Maybe if we become aware of our evolutionarily selected cognitive biases that resulted in our confirmation biases, which led to the argumentative state of mind that is fired up by our tribal and warrior ethos, all of which have caused our political polarization, we can reign in these genetically selected and neurologically expressed human traits that have evolved over millions of years. Perhaps we could take a step back, try and detach ourselves from this genetic predisposition, and try and be a bit more rational rather than emotional in our political positions and discussions, seek truth rather than argument, listen, and reduce the amount of polarization and vitriol present in our society. Can we as citizens overcome this predisposition and lead our Democratic Republic as the founders intended? Recall what Ben Franklin said after exiting the Constitutional Convention when asked what sort of government the delegates had created? His answer was, “We’ve given you a Republic, can you keep it?” With synthisophy, the answer is yes we can.

Thesis 2

Science is the study and understanding of the real world based on fact and truth. But there are many questions that science cannot answer, which is a place for religion to answer with faith. Perhaps for those questions that science can answer, science and scientific fact and truth could be part of a religion, keeping intact those critical aspects of religion as a social institution that provides group cohesion, moral behavior and raison d’etre. To go one step further, perhaps science and the understanding of the world based on fact and truth could be part of your religion, with those questions that cannot be answered by science answered within a particular faith or your own faith – your Realigion.

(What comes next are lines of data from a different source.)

Lemma row_mx2 u v i : row i (mx2 u v) = if val i == 0%N then u else v.
Proof. by apply/rowP => j; rewrite !mxE; case: (val i == 0%N). Qed.

Lemma row_free_mx3 u v w :
  (forall a b c, a *: u + b *: v + c *: w = 0 -> [/\ a = 0, b = 0 & c = 0]) ->
  row_free (mx3 u v w).
Proof.
move=> uvw_indep; apply: inj_row_free => r; rewrite [r]rv3_eta mul_rv3.
by move=> /uvw_indep[-> -> ->]; apply/eqP; rewrite rv3_eq0 !eqxx.
Qed.

Lemma row_free_mx2 u v :
  (forall a b, a *: u + b *: v = 0 -> a = 0 /\ b = 0) -> row_free (mx2 u v).
Proof.
move=> uv_indep; apply: inj_row_free => r; rewrite [r]rv2_eta mul_rv2.
move=> /uv_indep[-> ->]; apply/rowP => j; rewrite !mxE; by case: ifP.
Qed.

Lemma submx_mx3 u v w a b c x :
  x = a *: u + b *: v + c *: w -> (x <= mx3 u v w)%MS.
Proof. by rewrite -mul_rv3 => ->; apply: submxMl. Qed.

Lemma mx2_submx m (A : 'M[R]_(m, 6)) u v :
  (u <= A)%MS -> (v <= A)%MS -> (mx2 u v <= A)%MS.
Proof. by move=> uA vA; apply/row_subP => i; rewrite row_mx2; case: ifP. Qed.

Lemma row_free_mx2_isotropic y h :
  y != 0 -> lf h y = 0 -> lf h h != 0 -> row_free (mx2 y h).
Proof.
move=> y0 hy hh; apply: row_free_mx2 => a b ab0.
have := congr1 (lf^~ h) ab0; rewrite /= !lformE lformC hy mulr0 add0r.
move=> /eqP; rewrite mulf_eq0 (negbTE hh) orbF => /eqP b0; split=> //.
by move: ab0 => /eqP; rewrite b0 scale0r addr0 scaler_eq0 (negbTE y0) orbF => /eqP.
Qed.

Lemma sig_diag_unit n k : sig_diag R n k \in unitmx.
Proof.
rewrite unitmxE det_diag unitfE; apply/prodf_neq0 => i _; rewrite mxE.
by case: ifP => _; rewrite ?oppr_eq0 oner_neq0.
Qed.

Lemma lie_form_42_unit : lie_form_42 M -> M \in unitmx.
Proof.
case=> _ [P [_ PMP]]; have : P^T *m M *m P \in unitmx by rewrite PMP sig_diag_unit.
by rewrite !unitmx_mul => /andP[/andP[_ ->]].
Qed.

Section Nondegenerate.
Hypothesis M_unit : M \in unitmx.

Lemma rank_perp_kermx m (N : 'M[R]_(m, 6)) :
  \rank (kermx (M *m N^T)) = (6 - \rank N)%N.
Proof.
rewrite mxrank_ker -mxrank_tr trmx_mul trmxK M_sym mxrankMfree //.
by rewrite row_free_unit.
Qed.

Lemma submx_perp3P (G : 'M[R]_(3, 6)) u v w : row_free G ->
  circle_perp M G u -> circle_perp M G v -> circle_perp M G w ->
  row_free (mx3 u v w) ->
  forall y, (y <= G)%MS <-> [/\ lf y u = 0, lf y v = 0 & lf y w = 0].
Proof.
move=> G_free Gu Gv Gw uvw_free y.
set K := kermx (M *m (mx3 u v w)^T).
have inK z : (z <= K)%MS <-> [/\ lf z u = 0, lf z v = 0 & lf z w = 0].
  rewrite sub_perp_kermxP; split=> [zK | [zu zv zw] i].
    by split; [have := zK ord0 | have := zK i1 | have := zK i2]; rewrite row_mx3.
  by rewrite row_mx3; case: ifP => _; [|case: ifP].
have GK : (G <= K)%MS.
  by apply/row_subP => i; apply/inK; split; apply: lform_circle_perp (row_sub i G) _.
have KG : (K <= G)%MS.
  by rewrite -(mxrank_leqif_sup GK).2 rank_perp_kermx (eqP uvw_free) (eqP G_free).
rewrite -inK; split=> [yG | yK]; [exact: submx_trans GK | exact: submx_trans KG].
Qed.

(* Inside the 3-space G, {y}^perp is a hyperplane (some z in G is not
   orthogonal to y); it contains the independent vectors y and h. *)
Lemma capmx_perp_space (G : 'M[R]_(3, 6)) y h z : row_free G -> y != 0 ->
  (z <= G)%MS -> lf z y != 0 -> (y <= G)%MS -> (h <= G)%MS ->
  lf h y = 0 -> lf y y = 0 -> lf h h != 0 ->
  (G :&: perp_space M y == mx2 y h)%MS.
Proof.
move=> G_free y0 zG zy yG hG hy yy hh.
set P := perp_space M y.
have rankP : \rank P = 5%N by rewrite rank_perp_kermx rank_rV y0.
have yhP : (mx2 y h <= G :&: P)%MS.
  by rewrite sub_capmx mx2_submx // mx2_submx //; apply/perp_spaceP.
have rankGP : \rank (G + P)%MS = 6%N.
  have PGP := addsmxSr G P.
  have GP_P : (G + P <= P)%MS = false.
    apply: contraNF zy => GP_P; apply/eqP/perp_spaceP.
    exact: submx_trans zG (submx_trans (addsmxSl G P) GP_P).
  have := (mxrank_leqif_sup PGP).2; rewrite GP_P rankP => /negbT rank_neq5.
  have := mxrankS PGP; rewrite rankP => rank_ge5.
  by apply/eqP; rewrite eqn_leq rank_leq_col ltn_neqAle rank_neq5 rank_ge5.
have rank_cap : \rank (G :&: P) = 2%N.
  have := mxrank_sum_cap G P; rewrite rankGP rankP (eqP G_free) => /eqP.
  by rewrite -[(3 + 5)%N]/(6 + 2)%N eqn_add2l => /eqP.
have rank_yh : \rank (mx2 y h) = 2%N by apply/eqP; apply: row_free_mx2_isotropic.
by rewrite yhP andbT -(mxrank_leqif_sup yhP).2 rank_yh rank_cap.
Qed.

Lemma lform_sig_basis (B : 'M[R]_(3, 6)) : B *m M *m B^T = sig_diag R 3 2 ->
  forall r r' : 'rV[R]_3, lf (r *m B) (r' *m B) =
    r 0 ord0 * r' 0 ord0 + r 0 i1 * r' 0 i1 - r 0 i2 * r' 0 i2.
Proof.
move=> B_sig r r'.
have lift1 : lift ord0 (ord0 : 'I_2) = i1 by apply: val_inj.
have lift2 : lift ord0 (lift ord0 (ord0 : 'I_1)) = i2 by apply: val_inj.
have -> : lf (r *m B) (r' *m B) = (r *m (B *m M *m B^T) *m r'^T) 0 0.
  by rewrite /lform trmx_mul !mulmxA.
rewrite B_sig /sig_diag !mxE !big_ord_recl !big_ord0 !mxE /= !lift1 !lift2.
by rewrite !big_ord_recl !big_ord0 !mxE /= !lift1 !lift2 /=; ring.
Qed.

Variable p : 'rV[R]_6.

Lemma is_circle_sig (C : 'M[R]_(3, 6)) :
  C *m M *m C^T = sig_diag R 3 2 -> C *m M *m p^T = 0 -> is_circle M p C.
Proof.
move=> C_sig Cp; split; last first.
  by split=> //; exists 1%:M; rewrite unitmx1 mul1mx trmx1 mulmx1.
have rank3 : \rank (C *m M *m C^T) = 3%N by rewrite C_sig mxrank_unit ?sig_diag_unit.
rewrite /row_free eqn_leq rank_leq_row /= -{1}rank3.
exact: leq_trans (mxrankM_maxl _ _) (mxrankM_maxl _ _).
Qed.

Lemma circle_sig_basis G : is_circle M p G ->
  exists B : 'M[R]_(3, 6), [/\ B *m M *m B^T = sig_diag R 3 2, (G <= B)%MS & (B <= G)%MS].
Proof.
case=> _ [_ [Q [Q_unit QG]]]; exists (Q *m G); split; last exact: submxMl.
  by move: QG; rewrite trmx_mul !mulmxA.
by rewrite eqmxMfull // row_full_unit.
Qed.

Lemma circle_point_exists G : is_circle M p G -> exists x, circle_point M p G x.
Proof.
move=> G_circ; have [B [B_sig GB BG]] := circle_sig_basis G_circ.
set x := rv3 0 1 1 *m B.
have xG : (x <= G)%MS by apply: submx_trans (submxMl _ _) BG.
exists x; split=> //; split; last by case: G_circ => _ [Gp _]; apply: lform_circle_perp xG Gp.
split; last by rewrite lform_sig_basis // !mxE /=; ring.
apply/negP => /eqP x0; have := lform_sig_basis B_sig (rv3 0 1 1) (rv3 0 1 0).
rewrite -/x x0 lform0l !mxE /= => /eqP.
by rewrite !mul0r !mulr0 !mulr1 add0r subr0 eq_sym oner_eq0.
Qed.

Lemma circle_point_frame G x : is_circle M p G -> circle_point M p G x ->
  exists g z, [/\ (g <= G)%MS, lf g x = 0, lf g g = 1, (z <= G)%MS & lf z x != 0].
Proof.
move=> G_circ [[[x0 xx] _] xG].
have [B [B_sig GB BG]] := circle_sig_basis G_circ.
have /submxP [w xw] : (x <= B)%MS by apply: submx_trans xG GB.
rewrite {x xG}xw [w]rv3_eta in x0 xx *.
move: (w 0 ord0) (w 0 i1) (w 0 i2) x0 xx => w0 w1 w2 x0.
rewrite lform_sig_basis // !mxE /= => xx.
have w2_neq0 : w2 != 0.
  apply: contraNneq x0 => w20; rewrite w20 in xx *.
  have [-> ->] : w0 = 0 /\ w1 = 0 by split; nra.
  have -> : rv3 0 0 0 = 0 by apply/eqP; rewrite rv3_eq0 !eqxx.
  by rewrite mul0mx.
exists (rv3 (- w1 / w2) (w0 / w2) 0 *m B), (rv3 0 0 1 *m B).
split; try by apply: submx_trans (submxMl _ _) BG.
- by rewrite lform_sig_basis // !mxE /=; field.
- rewrite lform_sig_basis // !mxE /=.
  transitivity ((w0 * w0 + w1 * w1) / (w2 * w2)); first by field.
  have -> : w0 * w0 + w1 * w1 = w2 * w2 by lra.
  by rewrite divff // mulf_neq0.
- by rewrite lform_sig_basis // !mxE /= !mul0r add0r mul1r sub0r oppr_eq0.
Qed.

Lemma circle_contact G x g : is_circle M p G -> circle_point M p G x ->
  (g <= G)%MS -> lf g x = 0 -> lf g g != 0 ->
  (G :&: perp_space M x == mx2 x g)%MS.
Proof.
move=> G_circ x_pt gG gx gg; have [_ [z [_ _ _ zG zx]]] := circle_point_frame G_circ x_pt.
case: x_pt => [[[x0 xx] _] xG].
exact: capmx_perp_space (proj1 G_circ) x0 zG zx xG gG gx xx gg.
Qed.

Lemma touch_at_frame G1 G2 x g : is_circle M p G1 -> is_circle M p G2 ->
  circle_point M p G1 x -> circle_point M p G2 x ->
  (g <= G1)%MS -> (g <= G2)%MS -> lf g x = 0 -> lf g g != 0 ->
  touch_at M p G1 G2 x.
Proof.
move=> G1_circ G2_circ x1 x2 g1 g2 gx gg; do 2!split=> //.
apply/eqmxP; apply: eqmx_trans (eqmxP (circle_contact G1_circ x1 g1 gx gg)) _.
exact/eqmx_sym/eqmxP/(circle_contact G2_circ x2 g2 gx gg).
Qed.

Lemma touch_at_trace G1 G2 x : circle_point M p G1 x ->
  (forall y, lf y x = 0 -> (y <= G1)%MS = (y <= G2)%MS) -> touch_at M p G1 G2 x.
Proof.
move=> x1 trace; have [[[x0 xx] xp] xG1] := x1.
have x2 : circle_point M p G2 x by do 2?split=> //; rewrite -trace.
have capS (G G' : 'M[R]_(3, 6)) : (forall y, lf y x = 0 -> (y <= G)%MS = (y <= G')%MS) ->
    (G :&: perp_space M x <= G' :&: perp_space M x)%MS.
  move=> tr; apply/row_subP => i; have := row_sub i (G :&: perp_space M x)%MS.
  by rewrite !sub_capmx => /andP[yG /[dup] yP /perp_spaceP/tr <-]; rewrite yG.
by do 2!split=> //; apply/andP; split; apply: capS => // y /trace ->.
Qed.

Lemma circle_through x g a : lf x x = 0 -> lf g x = 0 -> lf g g = 1 ->
  lf x a != 0 -> lf x p = 0 -> lf g p = 0 -> lf a p = 0 ->
  exists C, [/\ is_circle M p C, (x <= C)%MS, (g <= C)%MS & (a <= C)%MS].
Proof.
move=> xx gx gg + xp gp ap.
have xg : lf x g = 0 by rewrite lformC.
have [al xa] : exists al, lf x a = al by eexists.
have [be ga] : exists be, lf g a = be by eexists.
have [de aa] : exists de, lf a a = de by eexists.
have ax : lf a x = al by rewrite lformC.
have ag : lf a g = be by rewrite lformC.
rewrite xa => al0.
(* a' is isotropic with <a', x> = al, so x/al +- a'/2 have norms +-1, and
   g - (be/al) x is a unit vector orthogonal to x and a'. *)
pose a' := a - (de / (2 * al)) *: x.
pose C := mx3 (g - (be / al) *: x) (al^-1 *: x + 2^-1 *: a') (al^-1 *: x - 2^-1 *: a').
exists C; split.
- apply: is_circle_sig.
    apply/matrixP => i j; rewrite lform_mx_entry !row_mx3 /sig_diag !mxE.
    case: i => [[|[|[|//]]] ?]; case: j => [[|[|[|//]]] ?] /=;
      by rewrite /a' !lformE ?xx ?gx ?xg ?gg ?xa ?ax ?ga ?ag ?aa; field.
  apply/matrixP => i j; rewrite lform_mx_entry row_id row_mx3 mxE.
  by case: i => [[|[|[|//]]] ?] /=; rewrite /a' !lformE ?xp ?gp ?ap; ring.
- by apply: (@submx_mx3 _ _ _ 0 (al / 2) (al / 2)); apply/rowP => j; rewrite !mxE; field.
- by apply: (@submx_mx3 _ _ _ 1 (be / 2) (be / 2)); apply/rowP => j; rewrite !mxE; field.
apply: (@submx_mx3 _ _ _ 0 (1 + de / 4) (de / 4 - 1)).
by apply/rowP => j; rewrite !mxE; field.
Qed.

Lemma lie_inv_circle_point a G G' x : lf a a != 0 -> lf a p = 0 ->
  (forall y, (y <= G)%MS -> (lie_inv M a y <= G')%MS) ->
  circle_point M p G x -> circle_point M p G' (lie_inv M a x).
Proof.
move=> aa ap GG' [[x_light xp] xG]; split; last exact: GG'.
split; first exact: light_lie_inv.
by rewrite lform_lie_invl ap mulr0 subr0.
Qed.

Lemma orth_intersect_lform s k :
  orth_intersect M p s k -> lf s k = - (lf k p * lf s p).
Proof. by rewrite /orth_intersect !lformE [lf s p]lformC => /eqP; rewrite addr_eq0 => /eqP. Qed.

Lemma orth_intersect_lie_inv_p s k : lf p p = -1 ->
  orth_intersect M p s k -> orth_intersect M p (lie_inv M p s) k.
Proof.
move=> pp; rewrite /orth_intersect lform_lie_invl => ->.
by rewrite !lformE pp [lf p k]lformC mulrN1 subrr mulr0 subr0.
Qed.

Section Ribaucour.
Hypothesis pp : lf p p = -1.

Lemma row_free_orth_spheres k s : lf k k = 0 -> lf s s = 0 ->
  lf k p != 0 -> lf s p != 0 -> lf s k = - (lf k p * lf s p) ->
  row_free (mx3 p k s).
Proof.
move=> kk ss kp sp sk; apply: row_free_mx3 => al be ga pks0.
move: (congr1 (lf^~ p) pks0) (congr1 (lf^~ k) pks0) (congr1 (lf^~ s) pks0).
rewrite /= !lformE pp kk ss sk [lf p k]lformC [lf p s]lformC [lf k s]lformC sk.
move=> ep ek es.
have /eqP : (al - ga * lf s p) * lf k p = 0 by rewrite -ek; ring.
rewrite mulf_eq0 (negbTE kp) orbF subr_eq0 => /eqP al_ga.
have /eqP : (al - be * lf k p) * lf s p = 0 by rewrite -es; ring.
rewrite mulf_eq0 (negbTE sp) orbF subr_eq0 => /eqP al_be.
have al0 : al = 0 by rewrite -[RHS]ep -al_be -al_ga; ring.
split=> //.
  by apply/eqP; move: al_be; rewrite al0 => /esym/eqP; rewrite mulf_eq0 (negbTE kp) orbF.
by apply/eqP; move: al_ga; rewrite al0 => /esym/eqP; rewrite mulf_eq0 (negbTE sp) orbF.
Qed.

Lemma circle_spheresP G k s : is_circle M p G ->
  light M k -> lf k p != 0 -> circle_perp M G k ->
  light M s -> lf s p != 0 -> circle_perp M G s -> orth_intersect M p s k ->
  forall y, (y <= G)%MS <-> [/\ lf y p = 0, lf y k = 0 & lf y s = 0].
Proof.
move=> [G_free [Gp _]] [_ kk] kp Gk [_ ss] sp Gs sk.
apply: submx_perp3P => //.
exact: row_free_orth_spheres (orth_intersect_lform sk).
Qed.

Variables (G1 G2 : 'M[R]_(3, 6)) (k s1 s2 : 'rV[R]_6).
Hypotheses (G1_circle : is_circle M p G1) (G2_circle : is_circle M p G2).
Hypotheses (k_light : light M k) (kp : lf k p != 0).
Hypotheses (G1k : circle_perp M G1 k) (G2k : circle_perp M G2 k).
Hypothesis not_tangent : ~ circles_tangent M p G1 G2.
Hypotheses (s1_light : light M s1) (G1s1 : circle_perp M G1 s1).
Hypotheses (s1p : lf s1 p != 0) (s1k : orth_intersect M p s1 k).
Hypotheses (s2_light : light M s2) (G2s2 : circle_perp M G2 s2).
Hypotheses (s2p : lf s2 p != 0) (s2k : orth_intersect M p s2 k).

Local Notation a := (lf s2 p *: s1 - lf s1 p *: s2).

Lemma G1P y : (y <= G1)%MS <-> [/\ lf y p = 0, lf y k = 0 & lf y s1 = 0].
Proof. exact: circle_spheresP. Qed.

Lemma G2P y : (y <= G2)%MS <-> [/\ lf y p = 0, lf y k = 0 & lf y s2 = 0].
Proof. exact: circle_spheresP. Qed.

Lemma lform_axis y : lf y a = lf s2 p * lf y s1 - lf s1 p * lf y s2.
Proof. by rewrite !lformE. Qed.

Lemma axis_p : lf a p = 0.
Proof. by rewrite lformC lform_axis [lf p s1]lformC [lf p s2]lformC; ring. Qed.

Lemma axis_k : lf a k = 0.
Proof.
rewrite lformC lform_axis [lf k s1]lformC [lf k s2]lformC.
by rewrite (orth_intersect_lform s1k) (orth_intersect_lform s2k); ring.
Qed.

Lemma axis_s1 : lf a s1 = - (lf s1 p * lf s1 s2).
Proof. by rewrite lformC lform_axis (proj2 s1_light) [lf s1 s2]lformC; ring. Qed.

Lemma axis_s2 : lf a s2 = lf s2 p * lf s1 s2.
Proof. by rewrite lformC lform_axis (proj2 s2_light) [lf s2 s1]lformC; ring. Qed.
Lemma near0P P :
  (\forall t \near 0^'+, P t) <-> exists2 e : R, 0 < e & forall t, 0 < t < e -> P t.
Proof.
rewrite near_withinE; split.
  case/nbhs_ballP => e /= e0 H; exists e => // t /andP[t0 te].
  have /H : ball_ Num.norm 0 e t by rewrite /= sub0r normrN gtr0_norm.
  exact.
case=> e e0 H; apply/nbhs_ballP; exists e => //= t.
rewrite /ball /= sub0r normrN => te t0; apply: H.
by rewrite t0 -(gtr0_norm t0).
Qed.

Lemma near0_scale (k : R) P : 0 < k ->
  (\forall t \near 0^'+, P t) -> \forall t \near 0^'+, P (k * t).
Proof.
move=> k0 /near0P[e e0 H]; apply/near0P; exists (e / k) => [|t /andP[t0 te]].
  exact: divr_gt0.
by apply: H; rewrite mulr_gt0 //= mulrC -ltr_pdivlMr.
Qed.

Lemma near0_powR_gap (c a b : R) : a < b ->
  \forall lam \near 0^'+, c * lam^-1 `^ a <= lam^-1 `^ b.
Proof.
move=> ab; apply/near0P; exists (expR (- (ln (Num.max c 1) / (b - a)))).
  exact: expR_gt0.
move=> lam /andP[lam0 lam_small].
have lamV0 : 0 < lam^-1 by rewrite invr_gt0.
rewrite -[b](subrK a) powRD ?(gt_eqF lamV0) ?implybT //.
apply: ler_wpM2r; first exact: powR_ge0.
apply: le_trans (_ : c <= Num.max c 1) _; first by rewrite le_max lexx.
rewrite /powR gt_eqF // -[Num.max c 1]lnK ?posrE ?lt_max ?ltr01 ?orbT // ler_expR.
rewrite -ler_pdivrMl ?subr_gt0 // mulrC.
rewrite -ler_expR lnK ?posrE // -[expR _]invrK -expRN lef_pV2 ?posrE ?expR_gt0 //.
exact: ltW.
Qed.

Lemma near0_lt1 : \forall lam \near (0 : R)^'+, 0 < lam < 1.
Proof.
near=> lam; apply/andP; split; near: lam; [exact: nbhs_right_gt | exact: nbhs_right_lt].
Unshelve. all: by end_near.
Qed.
End Near0.

Arguments near0_scale {R k P}.

Local Open Scope ereal_scope.

Section ExtendedReals.
Context {R : realType}.
Implicit Types (x y : \bar R).

Lemma lte_real_between {x y : \bar R} : x < y -> exists2 a : R, x < a%:E & a%:E < y.
Proof.
case: x => [u| |]; case: y => [v| |] //=; rewrite ?lte_fin => uv.
- by exists ((u + v) / 2)%R; rewrite lte_fin; lra.
- by exists (u + 1)%R; rewrite ?ltry ?lte_fin //; lra.
- by exists (v - 1)%R; rewrite ?ltNyr ?lte_fin //; lra.
- by exists 0%R; rewrite ?ltry ?ltNyr.
Qed.

Lemma lee_approx_ub x y :
  (forall a' a : R, y < a'%:E -> (a' < a)%R -> x <= a%:E) -> x <= y.
Proof.
move=> H; rewrite leNgt; apply/negP => /lte_real_between[a ya ax].
have [a' ya' a'a] := lte_real_between ya.
by have := H a' a ya'; rewrite -lte_fin leNgt ax => /(_ a'a).
Qed.

Lemma lee_approx_lb x y :
  (forall a a' : R, (a < a')%R -> a'%:E < x -> a%:E <= y) -> x <= y.
Proof.
move=> H; rewrite leNgt; apply/negP => /lte_real_between[a ya ax].
have [a' aa' a'x] := lte_real_between ax.
by have := H a a'; rewrite -lte_fin leNgt ya => /(_ aa' a'x).
Qed.
Lemma Astar_threshold : 0 < q < 1 ->
  \sum_(m : M) Rintegral (@lebesgue_measure R) I01 (f m) = 1 ->
  exists lam, (forall m s, I01 s -> mu m s -> 0 <= h s + (d m - lam)) /\
              (forall m s, I01 s -> ~~ mu m s -> h s + (d m - lam) <= 0).
Proof.
move=> /andP[q_gt0 q_lt1] f_mass; have mu_full := mu_impl.2.
have [|m1 [s1 [Is1 mu1]]] := exists_allocated (f := f) (mu := mu).
  by rewrite mu_full gt_eqF.
have [|m0 [s0 [Is0 mu0]]] := exists_unallocated (f := f) (mu := mu).
  by rewrite mu_full f_mass lt_eqF.
pose unallocated := [set v | exists m s, [/\ I01 s, ~~ mu m s & v = h s + d m]].
pose allocated := [set v | exists m s, [/\ I01 s, mu m s & v = h s + d m]].
have [lam [lam_ub lam_lb]] : exists lam, ubound unallocated lam /\ lbound allocated lam.
  apply: separating_threshold.
  - by exists (h s0 + d m0), m0, s0.
  - by exists (h s1 + d m1), m1, s1.
  - move=> _ _ [m' [s' [Is' mu' ->]]] [m [s [Is mu_ms ->]]].
    exact: Astar_unallocated_le_allocated.
exists lam; split => m s Is mu_ms; rewrite addrA ?subr_ge0 ?subr_le0.
- by apply: lam_lb; exists m, s.
- by apply: lam_ub; exists m, s.
Qed.

End AstarImplementation.

Theorem proposition10 (R : realType) (M : finType) (q : R)
  (h hinv g : R -> R) (u : M -> R -> R) (lo hi : R)
  (f : M -> R -> R) (mustar : M -> R -> bool) :
  0 < q < 1 ->
  (* h : [0,1] -> R_+ continuous, strictly increasing *)
  {within I01, continuous h} ->
  (forall s, I01 s -> 0 <= h s) ->
  {in I01 &, forall s s', s < s' -> h s < h s'} ->
  (* h^{-1}: a strictly increasing function inverting h on [0,1] *)
  (forall a b : R, a < b -> hinv a < hinv b) ->
  (forall s, I01 s -> hinv (h s) = s) ->
  (* g continuous strictly increasing *)
  continuous g ->
  (forall a b : R, a < b -> g a < g b) ->
  (* u_m concave on an open interval containing [0,1], differentiable
     except at finitely many points *)
  lo < 0 -> 1 < hi ->
  (forall m, concave_on [set x | lo < x < hi] (u m)) ->
  (forall m, finite_set [set x | lo < x < hi /\ ~ derivable (u m) x 1]) ->
  (* state omega: a type distribution with density f *)
  (forall m, measurable_fun I01 (f m)) ->
  (forall m s, 0 <= f m s) ->
  (forall m, (@lebesgue_measure R).-integrable I01 (EFin \o f m)) ->
  \sum_(m : M) Rintegral (@lebesgue_measure R) I01 (f m) = 1 ->
  (* the authority always prefers to allocate the full resource *)
  (forall mu, feasible q f mu -> exists mu', feasible q f mu' /\
      \sum_(m : M) xm f mu' m = q /\ xi g h u f mu <= xi g h u f mu') ->
  (* mustar is the allocation implemented by the generalized APM A* *)
  (forall m, measurable_fun I01 (fun s => (mustar m s)%:R : R)) ->
  implements q (Astar hinv h u) f mustar ->
  optimal q g h u f mustar.
Proof.
move=> q01 h_cont h_ge0 h_incr hinv_incr _ _ g_incr lo_lt0 hi_gt1 u_concave _ _
  f_ge0 f_int f_mass full mustar_meas mustar_impl.
have h_meas : measurable_fun I01 h.
  exact: measurable_realfun.subspace_continuous_measurable_fun (@measurable_I01 R) h_cont.
have h_le s : I01 s -> `|h s| <= h 1.
  move=> /[dup] Is /andP[_]; rewrite ger0_norm ?h_ge0 // le_eqVlt.
  case/predU1P=> [-> //|s_lt1]; apply/ltW/h_incr; rewrite ?inE //.
  by rewrite /I01 /= ler01 lexx.
have [lam [alloc_ge0 unalloc_le0]] := Astar_threshold hinv_incr mustar_impl q01 f_mass.
have mustar_full := mustar_impl.2.
have q_lt_hi : q < hi by case/andP: q01 => _ q_lt1; exact: lt_trans q_lt1 hi_gt1.
split=> [|mu /full [nu [[nu_meas _] [nu_full nu_better]]]].
  by split=> //; rewrite mustar_full.
apply: le_trans nu_better _; rewrite /xi; apply: (ltW_homo g_incr).
exact: (threshold_allocation_optimal h_meas h_le f_ge0 f_int u_concave lo_lt0 q_lt_hi
  mustar_meas nu_meas mustar_full nu_full alloc_ge0 unalloc_le0).
Qed.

Realigion – an understanding of the real world based on scientific fact and truth, but believing in the existence of God to explain the unknowable with aspects of an existing religion, faith of one’s own choice, or accepting the unknowable as God.

Perhaps God is Truth, and for questions that science can’t answer, only God knows the Truth.

Thesis 3

Only we the people can synthisophize: only we can create and integrate the wisdoms of history into present culture.

Recall Chapter 8 on Bloom’s Taxonomy (Vanderbilt University, n.d.).  Note that computers can process and correlate billions of bits of information per second, whereas the human brain at the consciousness level is very limited in that capacity. Also note that the human brain can integrate many pieces of related information and create new and original ideas, not just correlates. Looking at Bloom’s taxonomy, computers can remember, understand, apply, analyze and even evaluate information. But at the top of Bloom’s taxonomy, only the human brain can create new and original ideas integrating many pieces information from a wide variety of historic sources and come up with something completely new and of possible value to society. Restated, computers cannot and will not be able to synthisophize, integrate the wisdoms of history into present culture. Only we, the people, can do that.

References

  • Houle, A. 1995. “The United States of America, A Motif for the Individual and Society.” SKOLE, the Journal of Alternative Education, Summer 1995, Vol 12, No.3.
  • Junger, S. 2016. Tribe, On Homecoming and Belonging. New York, NY: Twelve, Hatchett Book Group.
  • Mercier, H., and D. Sperber. 2011. Why do humans reason? Arguments for an Argumentative Theory. Behavioral and Brain Sciences 34: 57–111. Available at https://www.dan.sperber.fr/wp- content/uploads/2009/10/pdf. Crossref
  • Pew Research Center. US Politics and Policy. 2017. Political Polarization, 1994-2017, October 20, 2017. Available at https://www.people-press.org/interactives/political-polarization-1994-2017/.
  • Riccio, G. et al. 2004. Warrior Ethos: Analysis of the Concept and Initial Development of Application, U.S. Army Research Institute for the Behavioral and Social Sciences, Sept. 2004.
 Crossref
  • Spafford, C., A. Pesce, and G. Grosser. 1998. The Cyclopedic Education Dictionary. New York, NY: Delmar Publishers.
  • This paper was also published in the Conference Proceedings of the Research Association for Interdisciplinary Studies, August 2020.